This wasn’t supposed to be some artsy photoshoot. It actually lacked any intentionality. I don’t even know what a lip mask is for, really—it just came in my FabFitFun box, and I put it on obediently so that, you know, beauty could happen.
It is coincidental at best that I am wearing a lip mask that presents me from speaking while I have been shaking out my bedsheets, trying to find where my voice is hiding. I’ve been thumbing through the pages of literature, like Peter Pan looking for his shadow. Scrolling online to see if my voice is lurking on a like button.
It isn’t.
So, with the absence of my own voice, I’ve been reading a lot, the type of reading that gives me wild thoughts that currently have no outlet. Most of those thoughts have everything to do with the audacity (and privilege) of voice.

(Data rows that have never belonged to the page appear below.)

Lemma ldes_hX_wJ (X : {set 'I_N}) : Jset N \subset X -> ldes (hX (conjT X) * wJ) = conjT X.
Proof.
case/Jset_subset_cases => [->|[-> N_gt0]]; first by rewrite conjT_Tset hT_wJ ldes_wT.
by rewrite conjT_Jset -wI_hJ // ldes_wI_hJ.
Qed.

End SymmetricGroup.

Unset Implicit Arguments.

Theorem lemma10p5 (N : nat) (X : {set 'I_N}) :
  (Jset N \subset X <-> Jset N \subset rdes (wlong (Iset N) * hX X))
  /\ (Jset N \subset X ->
      [/\ len (wlong (Iset N) * hX X) = (len (wlong (Iset N)) + len (hX X))%N,
          exists Y : {set 'I_N},
            [/\ wlong (Iset N) * hX X = hX Y * wlong (Jset N),
                (forall Y' : {set 'I_N},
                   wlong (Iset N) * hX X = hX Y' * wlong (Jset N) -> Y' = Y),
                Y = conjT X
              & ldes (hX Y * wlong (Jset N)) = Y]
        & rdes (wlong (Iset N) * hX X) = X]).
Proof.
split; first by split => [JX|]; [rewrite rdes_wI_hX | exact: Jset_subset_of_rdes].
move=> JX; split; [exact: len_wI_hX | exists (conjT X); split | exact: rdes_wI_hX] => //.
- exact: wI_hX.
- move=> Y' eq_Y'; apply: hX_inj; apply: (mulIg (wlong (Jset N))).
  by rewrite -eq_Y' wI_hX.
- exact: ldes_hX_wJ.
Qed.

Literature is supposed to hold up a mirror up to whoever you are, and let you know that you (metaphorically) forgot to pluck your eyebrows for the last decade or so. It’s supposed to show you where you’re weak, it’s supposed to show you where you’re ugly. Literature hands you tweezers and says “Pull! Yank! Shape! Be better.”
But the tweezer metaphor, and I guess perhaps the lip mask too, are laced up in this quandary I’m having about the vanity of performance through writing. Why do we tweeze? Who are pristine eyebrows even for?
All this reading I’ve been doing is exposing my weaknesses, but not in a way that’s giving me a crisis of self-confidence; more so, it’s making me intellectually self-conscious. What is another white voice in the vast canon of navel-gazers? What’s the difference between authenticity and virtue signaling? Why do eyebrows matter when the soul is ablaze?
It’s a bit of a buzzkill to realize that your maybe only real talent is a bit vain in its execution, or at least the promotion of it is. It’s laced in a grander argument of the merit of the female voice, that also happens to intersect with a white one.
I’m stymied, though I’m reminded that I don’t need answers tonight. Tonight, I put a pen to paper timidly with questions rather than answers: What’s the value in another voice in the void?